Dirt Bike Reassembly Instructions

Product Assembly Questions

Does your product run the same as it did before you disassembled it?

Because our product was split between two groups, group 17 and us, group 11, we did not have time to test our product because group 17 was missing pieces to complete the engine.

The frame that we assembled though does function. We tested out each component after we assembled it. We tested each of the brakes by spinning the wheel, and then stopping it with the brake. We tested the shocks, by forcing the bike up and down. Everything that we reassembled worked, but we could not test the overall capabilities of the bike because of the engine.

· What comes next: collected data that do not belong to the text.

Lemma dfac_cos_eval (m : Z) (b : R) :
  m <> 0%Z -> sin (b / 2) <> 0 -> dfac m b = cos_eval (dfac_coeffs m) b.
Proof.
  intros Hm Hb. unfold dfac, dfac_coeffs. rewrite cos_eval_wscale.
  assert (Hsgn : IZR (Z.sgn m) <> 0) by (apply not_0_IZR; destruct m; simpl; lia).
  assert (Habs : INR (Z.abs_nat m) <> 0) by (apply not_0_INR; lia).
  replace (IZR m * b / 2) with (IZR m * (b / 2)) by lra.
  rewrite sin_IZR_mul, (IZR_sgn_abs_nat m).
  replace (INR (Z.abs_nat m) * (b / 2)) with (INR (Z.abs_nat m) * b / 2) by lra.
  rewrite <- sin_mul_cos_eval_dirichlet. field. auto.
Qed.

Lemma half_dirichlet_cos_eval (k : Z) (b : R) :
  sin (b / 2) <> 0 -> sin (IZR k * b / 2) / (2 * sin (b / 2)) = cos_eval (half_dirichlet k) b.
Proof.
  intros Hb. unfold half_dirichlet. rewrite cos_eval_wscale.
  replace (IZR k * b / 2) with (IZR k * (b / 2)) by lra.
  rewrite sin_IZR_mul.
  replace (INR (Z.abs_nat k) * (b / 2)) with (INR (Z.abs_nat k) * b / 2) by lra.
  rewrite <- sin_mul_cos_eval_dirichlet. field. exact Hb.
Qed.

Lemma dfac_coeffs_distribution (m : Z) :
  m <> 0%Z -> nonneg (dfac_coeffs m) /\ mass (dfac_coeffs m) = 1.
Proof.
  intros Hm. assert (Habs : 0 < INR (Z.abs_nat m)) by (apply lt_0_INR; lia).
  unfold dfac_coeffs. split.
  - apply nonneg_wscale; [apply Rlt_le, Rinv_0_lt_compat, Habs | apply nonneg_ladder].
  - unfold mass. rewrite wsum_wscale. fold (mass (dirichlet (Z.abs_nat m))).
    unfold dirichlet. rewrite mass_ladder. field. lra.
Qed.

Definition cos_integral (t : Z) : R :=
  if Z.eq_dec t 0 then 2 * PI else 4 * sin (IZR t * PI / 2) / IZR t.

Definition leibnizZ (m : Z) : R := IZR (Z.sgn m) * leibniz (Z.abs_nat m).

Definition cos_integral_antidiff (t : Z) : R :=
  if Z.even t then (if (0 <=? t)%Z then PI else - PI) else leibnizZ (Z.div2 t + 1).

Lemma sin_odd_half_PI (n : nat) : sin ((2 * INR n + 1) * PI / 2) = (-1) ^ n.
Proof.
  induction n as [|n IH].
  - simpl. replace ((2 * 0 + 1) * PI / 2) with (PI / 2) by field. apply sin_PI2.
  - rewrite S_INR.
    replace ((2 * (INR n + 1) + 1) * PI / 2) with ((2 * INR n + 1) * PI / 2 + PI) by field.
    rewrite neg_sin, IH. simpl. ring.
Qed.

What were the differences between the disassembly/reassembly processes?

The disassembly of our dirt bike was in the same order as the reassembly of our dirt bike. We started with the front end and worked our way to the rear sub frame, or swing arm.

Were the same sets of tools used?

The same set of tools used to take the dirt bike apart were used to reassemble the dirt bike. Because we recorded the tools required from disassembly, we knew what tools we would need for reassembly. The only problem we had then was fighting with other groups for the tools we needed.

Were you able to reassemble the entire product?

Yes. We assembled all of the components that we had disassembled.

Are there any additional recommendations your group would make at the product level (operation, manufacturing, assembly, design, configuration, etc.)?

If the factory used standardized bolts that required only one type of socket and one size of that socket to assemble, they would reduce the production cost because bulk buy parts cost less with the more amount purchased. It would also require less tools and would decrease assembly costs as well as the amount of steps in assembly, and assembly time due to the fact that you wouldn’t have to look for different tools between steps.